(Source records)

(* If [G - E = m (H - E)] with [0 < m < 1] and [pg], [ph] lie on the same side
   of line [EH], the open triangles [E G pg] and [E H ph] overlap. *)
Lemma oconv3_overlap_coord (r1 r2 q1 q2 s1 s2 m : R) : 0 < m < 1 ->
  (r1*q2 - r2*q1) * (r1*s2 - r2*s1) > 0 ->
  exists b t b' t', 0 < b /\ 0 < t /\ b + t < 1 /\ 0 < b' /\ 0 < t' /\ b' + t' < 1 /\
    b*m*r1 + t*q1 = b'*r1 + t'*s1 /\ b*m*r2 + t*q2 = b'*r2 + t'*s2.
Proof.
  intros Hm Hp.
  set (c := r1*q2 - r2*q1) in *. set (c' := r1*s2 - r2*s1) in *.
  assert (Hc : c <> 0) by (intro h; rewrite h in Hp; lra).
  set (be := (s1*q2 - s2*q1)/c). set (ga := c'/c).
  assert (Hga : 0 < ga).
  { unfold ga; replace (c'/c) with ((c*c')/(c*c)) by (field; auto).
    apply Rdiv_lt_0_compat; auto using sqr_pos. }
  (* With [s = be r + ga q] and [ga > 0], the point [m/2 r + ep s] lies in both
     triangles for small [ep]. *)
  assert (S1 : s1 = be*r1 + ga*q1) by (unfold be, ga, c, c' in *; field_simplify_eq; auto; ring).
  assert (S2 : s2 = be*r2 + ga*q2) by (unfold be, ga, c, c' in *; field_simplify_eq; auto; ring).
  clearbody be ga.
  set (K := 1 + Rabs be + ga).
  assert (Hab := Rle_abs be). assert (Hab' := Rle_abs (- be)). rewrite Rabs_Ropp in Hab'.
  assert (K1 : 1 < K) by (unfold K; lra).
  assert (Hb : - K < be < K) by (unfold K; lra).
  assert (Hg : ga < K) by (unfold K; lra).
  assert (Hbg : be + ga < 2 * K) by (unfold K; lra).
  set (ep := m / (4*K)).
  assert (Hep : 0 < ep < 1/4).
  { unfold ep; split; [apply Rdiv_lt_0_compat; lra|].
    apply Rmult_lt_reg_r with (4*K); [lra|]. unfold Rdiv; rewrite Rmult_assoc, Rinv_l; lra. }
  exists (1/2 + ep*be/m), (ep*ga), (m/2), ep.
  assert (E1 : ep * be / m = be / (4*K)) by (unfold ep; field; lra).
  assert (E2 : ep * ga = m * (ga / (4*K))) by (unfold ep; field; lra).
  assert (B1 : - 1/4 < be / (4*K) < 1/4).
  { split; apply Rmult_lt_reg_r with (4*K); try lra; field_simplify; lra. }
  assert (B2 : 0 < ga / (4*K) < 1/4).
  { split; [apply Rdiv_lt_0_compat; lra|].
    apply Rmult_lt_reg_r with (4*K); try lra; field_simplify; lra. }
  assert (B3 : be / (4*K) + ga / (4*K) < 1/2).
  { replace (be / (4*K) + ga / (4*K)) with ((be + ga)/(4*K)) by (field; lra).
    apply Rmult_lt_reg_r with (4*K); [lra|]. unfold Rdiv; rewrite Rmult_assoc, Rinv_l; lra. }
  rewrite E1, E2.
  repeat split; try lra; try nra.
  - rewrite S1. unfold ep. field. lra.
  - rewrite S2. unfold ep. field. lra.
Qed.
Lemma compact_no_prefix_chain H (F : nat -> seq nat) :
  (forall s, H s -> fin_set s) -> fam_compact H ->
  (forall n, H (F n)) -> (forall n, size (F n) = n.+1) ->
  ~ (forall n k, n <= k -> F n = take n.+1 (F k)).
Proof.
move=> hfin hcomp hF hsize hchain.
(* i lies in the union of the chain iff i \in F i: a sorted F n holds i, if at
   all, among its first i+1 entries. *)
have memF_diag n i : i \in F n -> i \in F i.
  case: (leqP n i) => hni; first by rewrite (hchain n i hni); apply: mem_take.
  move=> hi; rewrite (hchain i n (ltnW hni)) in_take //.
  by have := sorted_index_leq (hfin _ (hF n)) hi; lia.
have memF_up n i : i <= n -> i \in F i -> i \in F n.
  by move=> hin; rewrite (hchain i n hin); apply: mem_take.
have happ m : exists t, H t /\ forall i, i < m -> (i \in t) = (i \in F i).
  exists (F m); split=> // i him.
  by apply/idP/idP; [apply: memF_diag | apply: memF_up; apply: ltnW].
have [s [hs hmem]] := hcomp (fun i => i \in F i) happ.
have : size (F (size s)) <= size s.
  apply: uniq_leq_size; first exact: sorted_uniq ltn_trans ltnn _ (hfin _ (hF _)).
  by move=> x /memF_diag; rewrite hmem.
by rewrite hsize ltnn.
Qed.

Section Products.

Variables (Y : Type) (A : nat -> Y -> Prop).

Lemma in_prod_size F s : in_prod A F s -> size F = size s.
Proof. by elim: F s => [|n F IH] [|y s] //= [_ /IH ->]. Qed.

Lemma in_prod_take F s k : in_prod A F s -> in_prod A (take k F) (take k s).
Proof.
elim: F s k => [|n F IH] [|y s] [|k] //= [hy hs]; split=> //; exact: IH.
Qed.

Lemma in_prod_inj F G s :
  pairwise_disjoint A -> in_prod A F s -> in_prod A G s -> F = G.
Proof.
move=> hdisj; elim: F G s => [|n F IH] [|k G] [|y s] //= [hn hF] [hk hG].
congr cons; last exact: IH hF hG.
by case: (eqVneq n k) => // /eqP hnk; case: (hdisj n k y hnk hn hk).
Qed.

Lemma finite_pred_in_prod F :
  (forall n, finite_pred (A n)) -> finite_pred (in_prod A F).
Proof.
move=> hfin; elim: F => [|n F [L hL]].
  by exists [:: [::]] => [[|y s]] //= _; left.
have [l hl] := hfin n.
exists (List.flat_map (fun y => List.map (cons y) L) l) => [[|y s]] //= [hy hs].
apply/List.in_flat_map; exists y; split; first exact: hl.
exact/List.in_map/hL.
Qed.

End Products.

Lemma mkseq_take (Y : Type) (f : nat -> Y) n k :
  n <= k -> mkseq f n = take n (mkseq f k).
Proof. by move=> hnk; rewrite /mkseq -map_take take_iota (minn_idPl hnk). Qed.

Section RealisingTree.

Variables (Y : Type) (A : nat -> Y -> Prop) (X : seq Y -> Prop) (H : seq nat -> Prop).
Hypotheses (A_finite : forall n, finite_pred (A n)) (A_disjoint : pairwise_disjoint A).
Hypotheses (X_her : X_hereditary X) (H_reg : regular H).
Hypothesis X_meets_H : forall F, H F -> F <> [::] -> exists s, X s /\ in_prod A F s.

:: Exercise description ::
If the word "Variables" appears in a line above, copy that line.

:: Response to the task ::
Variables (Y : Type) (A : nat -> Y -> Prop).
Variables (Y : Type) (A : nat -> Y -> Prop) (X : seq Y -> Prop) (H : seq nat -> Prop).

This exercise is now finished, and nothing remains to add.